Estimación de las frecuencias naturales de estructuras civiles a través del algoritmo clasificación múltiple de señales y la transformada rápida de Fourier

“Natural frequencies estimation of civil structures throughout the Multiple Signal Classification algorithm and the Fast Fourier Transform”

“Estimación de las frecuencias naturales de estructuras civiles a través del algoritmo clasificación múltiple de señales y la transformada rápida de Fourier”

Abstract

The modal parameters identification, in particular natural frequencies, is a challenging task since the signals used are noise-corrupted, making the selection of the best-suited technique a complicated decision-making process in order to estimate them with a high accuracy. In this paper, the natural frequencies estimation of civil structures throughout the Fast Fourier Transform (FFT) and the Multiple Signal Classification (MUSIC) algorithm is presented. In order to assess the algorithms performance under ideal and noisy environments, a synthetic signal with different levels of noise is analyzed. The accuracy of the proposed algorithms is also demonstrated using the simulated response of a 4-story 2 × 2 bay 3D frame structure-based finite element model. The obtained results show that the Multiple Signal Classification technique presents a high accuracy in comparison with the Fast Fourier Transform for natural frequencies estimation of civil structures.
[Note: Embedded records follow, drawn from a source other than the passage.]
(* Let $m\ge1$, $q=2^m$, let $n$ be odd, and let $L$ and $\lambda$ be $2$-linear polynomials over $\mathbb F_{q^n}$. Assume that $\mathrm{Tr}(x^{q+1})+L(x)$ is a permutation polynomial of $\mathbb F_{q^n}$. Then $|\ker L|\le q$, and moreover: (i) if $\lambda^\prime(\ker\mathrm{Tr})=\ker\mathrm{Tr}$ and $\mathrm{Tr}(\lambda^\prime(x))=\mathrm{Tr}(x)$ for all $x\in\mathbb F_{q^n}$, then both $\mathrm{Tr}(x^{q+1})+L(\lambda(x))$ and $\mathrm{Tr}(x^{q+1})+\lambda(L(x))$ are permutation polynomials of $\mathbb F_{q^n}$; (ii) if $x\mapsto x+\mathrm{Tr}(\lambda^\prime(x))$ is a permutation of $\mathbb F_q$, then both \[\mathrm{Tr}(x^{q+1})+L(x)+L(\mathrm{Tr}(\lambda(x)))+\mathrm{Tr}(\lambda(x))^2\] and \[\mathrm{Tr}(x^{q+1})+L(x)+\mathrm{Tr}(\lambda(L(x)))+\mathrm{Tr}(\lambda(x^2))\] are permutation polynomials of $\mathbb F_{q^n}$.
   Context: $\mathrm{Tr}$ denotes the trace map of $\mathbb F_{q^n}$ over $\mathbb F_q$. A $2$-linear polynomial over $\mathbb F_{q^n}$ has the form $\sum_{j=0}^{mn-1}a_jx^{2^j}$; its adjoint is $\sum_j(a_jx)^{2^{-j}}$, where $y\mapsto y^{2^{-j}}$ is the inverse of $y\mapsto y^{2^j}$ on $\mathbb F_{q^n}$. Polynomials are regarded as maps on $\mathbb F_{q^n}$; $\ker$ denotes the kernel of an additive map. *)

From mathcomp Require Import all_boot all_order all_algebra all_field.
Set Implicit Arguments. Unset Strict Implicit. Unset Printing Implicit Defensive.
Import GRing.Theory.
Local Open Scope ring_scope.
(* Write Y_s = z - X_s: the steps of X are symmetric, so Y is a lazy walk
   started at z, and E[vol (U_s (X_s + D_s))] = sum_z (1 - a(z)) where
   a(z) = P(Y_s \in ~D_s for all s <= t).  The complement of D^sigma is the
   two-point rearrangement of ~D with H+ and H- exchanged, so it suffices to
   compare a with the function a^sigma built from the rearranged sets.  By
   induction on t, a^sigma dominates a on every pair {y, sigma y}:
   a(y) + a(sigma y) <= a^sigma(y) + a^sigma(sigma y) and, on the preferred
   half, a^sigma(y) >= max(a(y), a(sigma y), a^sigma(sigma y)).  This is kept
   by multiplying with the indicators of C and C^sigma, and by one step of the
   walk, whose kernel is a decreasing function of the l1 distance, hence gives
   more weight to y than to sigma y when x and y lie on the same side.
   Summing over sigma-invariant sets of sites gives the claim. *)

From HB Require Import structures.
From mathcomp Require Import all_boot all_order all_algebra.
From mathcomp Require Import boolp classical_sets reals ereal counting_measure.
From mathcomp Require Import finmap cardinality numfun lra.
Import Order.TTheory GRing.Theory Num.Theory.
Local Open Scope classical_set_scope.
Local Open Scope ring_scope.
Set Implicit Arguments. Unset Strict Implicit. Unset Printing Implicit Defensive.

Section LazyStep.
Variable d : nat.
Implicit Types (x y : Zd d) (u : step d).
Keywords: Civil Structure, FFT, MUSIC, Natural Frequencies, Signal processing.

Resumen

La identificación de los parámetros modales, en particular de las frecuencias naturales de las estructuras civiles, es una tarea que requiere algoritmos de procesamiento de señales con características específicas, ya que las señales a procesar generalmente están contaminadas con un alto nivel de ruido. Esta característica hace que la selección de la técnica apropiada para la estimación de las frecuencias naturales sea un proceso arduo, ya que la estimación de las mismas debe ser con una gran exactitud. En este trabajo, la estimación de las frecuencias naturales de estructuras civiles a través de la transformada rápida de Fourier (FFT) y el algoritmo clasificación múltiple de señales (MUSIC) es presentado. Con el objeto de verificar el desempeño de ambos algoritmos, una señal sintética con diferentes niveles de ruido es analizada. Posteriormente, la señal estimada a partir de un modelo de elemento finito de una estructura de cuatro pisos es procesada. Los resultados obtenidos indican que las frecuencias obtenidas con el algoritmo de clasificación múltiple de señales es más exacta que las obtenidas con la transformada de Fourier.

Palabras Clave: Estructura civil, FFT, Frecuencia natural, MUSIC, Procesamiento de señales.

1. Introduction

The Structural Health Monitoring (SHM) technology provides technical solutions to review the condition of a wide variety of mechanical structures (Catbas et al., 2013; Ettouney and Alampalli, 2012; Hu and Ji, 2017) SHM has been used in applications from various fields such as aerospace, mechanics, automotive, and civil engineering, among others, since it allows the continuous verification of structural characteristics of the civil structure under study. SHM is focused on generating a constant monitoring of civil structures throughout the measuring of the structure physical properties such as mass, stiffness, among others, which can produce variations in the structural properties, allowing the detection damages or deterioration in order to guide its inspection and maintenance (Aktan et al., 2000; Brownjohn and Pan, 2008; Hu and Ji, 2017). In particular, the modal parameters estimation such as natural frequencies can be used to create systems capable of estimating damages into civil structures; however, their correct estimation represent challenge because the measured signals are embedded in high-level noise and present non-stationary properties (Amezquita-Sanchez and Adeli, 2014). For these reasons, a signal processing technique that allows identifying them with high accuracy is of vital importance.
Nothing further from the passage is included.